Geometric significance of eigenvalues and eigenvectors in linear algebra and their potential value in data analysis
Data publikacji: 24 wrz 2025
Otrzymano: 17 sty 2025
Przyjęty: 05 maj 2025
DOI: https://doi.org/10.2478/amns-2025-0985
Słowa kluczowe
© 2025 Yingdi Li, published by Sciendo
This work is licensed under the Creative Commons Attribution 4.0 International License.
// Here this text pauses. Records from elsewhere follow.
(* Let $n\ge 2$ and let $\mathbb{A}=(A_{ij})_{i,j=1}^n$ be an operator matrix as described in the context. Let $T=(T_1,\ldots,T_{n-1}):\mathcal{D}(T_1)\times\cdots\times\mathcal{D}(T_{n-1})\to X_n$, $T(x_1,\dots,x_{n-1})=\sum_j T_jx_j$, where each $T_j:\mathcal{D}(T_j)\subset X_j\to X_n$ is linear and relatively $A_{jj}$-bounded. Assume moreover that $\mathbb{A}_k$ is closed for $k=2,\ldots,n$. If $\sigma(A_{kk})\cup\sigma(\mathbb{A}_k)\ne\mathbb{C}$ for all $k\in\{2,\ldots,n-2\}$, then $T(\lambda-\mathbb{A}_{n-1})^{-1}$ is bounded for every $\lambda\notin\sigma(A_{n-1,n-1})\cup\sigma(\mathbb{A}_{n-1})$. In particular, $T$ is relatively $\mathbb{A}_{n-1}$-bounded if $\sigma(A_{kk})\cup\sigma(\mathbb{A}_k)\ne\mathbb{C}$ for all $k\in\{2,\ldots,n-1\}$.
   Context: Let $X_1,\ldots,X_n$ be complex Banach spaces and $X=X_1\times\cdots\times X_n$ with norm $\|x\|=\sum_i\|x_i\|_{X_i}$. For $i,j\in\{1,\ldots,n\}$, $A_{ij}:\mathcal{D}(A_{ij})\subset X_j\to X_i$ are linear operators with $A_{ii}$ closed and, for $i\ne j$, $A_{ij}$ relatively $A_{jj}$-bounded (i.e. $\mathcal{D}(A_{jj})\subset\mathcal{D}(A_{ij})$ and there are $\alpha,\beta\ge0$ with $\|A_{ij}x\|\le\alpha\|x\|+\beta\|A_{jj}x\|$ for $x\in\mathcal{D}(A_{jj})$). The operator matrix $\mathbb{A}=(A_{ij})$ acts on $\mathcal{D}(\mathbb{A})=\mathcal{D}(A_{11})\times\cdots\times\mathcal{D}(A_{nn})$ by $(\mathbb{A}x)_i=\sum_jA_{ij}x_j$. For $1\le k\le n$, $\mathbb{A}_k:=(A_{ij})_{i,j=1}^k$ is the upper-left block acting on $X_1\times\cdots\times X_k$ with domain $\mathcal{D}(A_{11})\times\cdots\times\mathcal{D}(A_{kk})$. For a linear operator $S$ on a Banach space $Y$, $\sigma(S)$ is the set of $\lambda$ for which $\lambda-S:\mathcal{D}(S)\to Y$ is not bijective with bounded inverse. Relative boundedness of an operator with respect to a (block) operator is defined analogously. *)

From HB Require Import structures.
From mathcomp Require Import all_boot all_order all_algebra.
From mathcomp Require Import all_classical all_reals all_analysis.
From mathcomp Require Import complex.
Set Implicit Arguments. Unset Strict Implicit. Unset Printing Implicit Defensive.
Import Order.TTheory GRing.Theory Num.Theory.
Import numFieldNormedType.Exports.
Local Open Scope classical_set_scope.
Local Open Scope ring_scope.
Lemma lambda_le_vertex_cover2 (R : realType) (n : nat) (G : {set {set 'I_n}})
    (C : {set 'I_n}) :
  is_3graph G -> vertex_cover G C -> #|C| = 2 -> lambda R G <= Num.sqrt 3 / 18.
Proof.
move=> G3 coverC /eqP/cards2P[a [b [ab C_ab]]].
have cover e : e \in G -> (a \in e) || (b \in e).
  move=> /coverC /pred0Pn[v /andP[ve]]; rewrite /= C_ab !inE.
  by case/orP=> /eqP <-; apply/orP; [left | right].
apply: ge_sup.
  exists (lagr_poly G (fun i => (i == a)%:R)), (fun i => (i == a)%:R); split=> //.
  - by move=> i; rewrite inE.
  - by rewrite (bigD1 a) ?inE //= eqxx big1 ?addr0 // => i /andP[_ /negPf ->].
move=> _ [y [y_ge0 _ sum_y ->]].
apply: le_trans (lagr_poly_cover2_le y_ge0 ab G3 cover) _.
apply: cover2_poly_le => //; first exact: sumr_ge0.
have sum_ab : \sum_(i in [set a; b]) y i = y a + y b.
  by rewrite big_setU1 ?inE //= big_set1.
rewrite -sum_y -sum_ab [RHS](bigID (mem [set a; b])) /=.
by congr (_ + _); apply: eq_bigl => i; rewrite !inE.
Qed.

Lemma card_ord_mem (m : nat) (s : seq nat) :
  uniq s -> all (fun i => i < m)%N s -> #|[set i : 'I_m | val i \in s]| = size s.
Proof.
move=> s_uniq s_lt; rewrite cardsE cardE -(size_map val).
apply: perm_size; apply: uniq_perm => //.
  by rewrite map_inj_uniq ?enum_uniq //; exact: val_inj.
move=> i; apply/mapP/idP => [[j] | i_s]; first by rewrite mem_enum => js ->.
by exists (Ordinal (allP s_lt i i_s)); rewrite ?mem_enum.
Qed.

(* An edge [e] disjoint from the [K_4^3] spanned by [Q] would complete it to a
   [K_4^3 u e]: send [0..3] onto [Q] and [4..6] onto [e]. *)
Lemma K43e_free_meets_K4 (n : nat) (G : {set {set 'I_n}}) (Q e : {set 'I_n}) :
  is_3graph G -> hfree K43e G -> #|Q| = 4%N ->
  (forall s : {set 'I_n}, s \subset Q -> #|s| = 3%N -> s \in G) ->
  e \in G -> ~~ [disjoint e & Q].
Proof.
move=> G3 freeG card_Q K4_Q eG; apply/negP => eQ; apply: freeG.
have card_e := G3 e eG.
have [v0 _] : exists v0, v0 \in e by apply/card_gt0P; rewrite card_e.
pose l := enum Q ++ enum e; pose g (i : 'I_7) := nth v0 l i.
have size_l : size l = 7%N by rewrite size_cat -!cardE card_Q card_e.
have g_inj : injective g.
  have l_uniq : uniq l.
    rewrite cat_uniq !enum_uniq /= andbT; apply/hasPn => v; rewrite !mem_enum.
    by move=> ve; rewrite (disjointFr eQ ve).
  by move=> i j /eqP; rewrite nth_uniq ?size_l // => /eqP /val_inj.
have gQ (i : 'I_7) : (i < 4)%N -> g i \in Q.
  by move=> i4; rewrite -mem_enum /g nth_cat -cardE card_Q i4 mem_nth // -cardE card_Q.
have ge (i : 'I_7) : (4 <= i)%N -> g i \in e.
  move=> i4; rewrite -mem_enum /g nth_cat -cardE card_Q ltnNge i4 /= mem_nth //.
  by rewrite -cardE card_e; have := ltn_ord i; lia.
exists g; split=> // t; rewrite inE => /andP[/eqP t3 /orP[tQ | /eqP t_e]].
  apply: K4_Q; last by rewrite card_imset.
  apply/fintype.subsetP => ? /imsetP[i it ->]; apply: gQ.
  by move/fintype.subsetP: tQ => /(_ i it); rewrite inE.
suff -> : g @: t = e by [].
apply/eqP; rewrite eqEcard card_imset // t3 card_e leqnn andbT.
by apply/fintype.subsetP => ? /imsetP[i]; rewrite t_e inE => /ge gie ->.
Qed.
Eigenvalues and eigenvectors are important concepts in linear algebra, but little research has been done on their geometric significance and other aspects. Therefore, in order to fill the gap in this field, this paper carries out an in-depth study on the geometric significance of eigenvalues and eigenvectors and the important role they play in data analysis. Taking the 2nd order square matrix as an example, we study the trajectory of the new vector after the linear transformation of the unit vector, and on the basis of this, we give the geometric significance of the eigenvalues and eigenvectors of the matrix by taking the invertibility of the matrix as the classification principle. The eigenvalues and eigenvectors and their geometric significance are applied to data analysis examples, and the principal component analysis method and spectral clustering algorithm are constructed and analyzed for practical applications. Under the correction of principal component analysis, the accuracy of recovered spectra of spatial aberration interferometry data is significantly improved, in which the mean square error values of a certain three rows of selected data are reduced by 75.55%, 77.31%, and 77.34%, respectively, compared with those before correction. At the same time, the improved spectral clustering algorithm is able to realize the automatic selection of feature vectors, and the accuracy of the division of the karate club network is also as high as 98.03%. Through the demonstration of practical applications in two different fields, this paper intuitively illustrates the significant role of eigenvalues and eigenvectors and their geometrical significance in data analysis.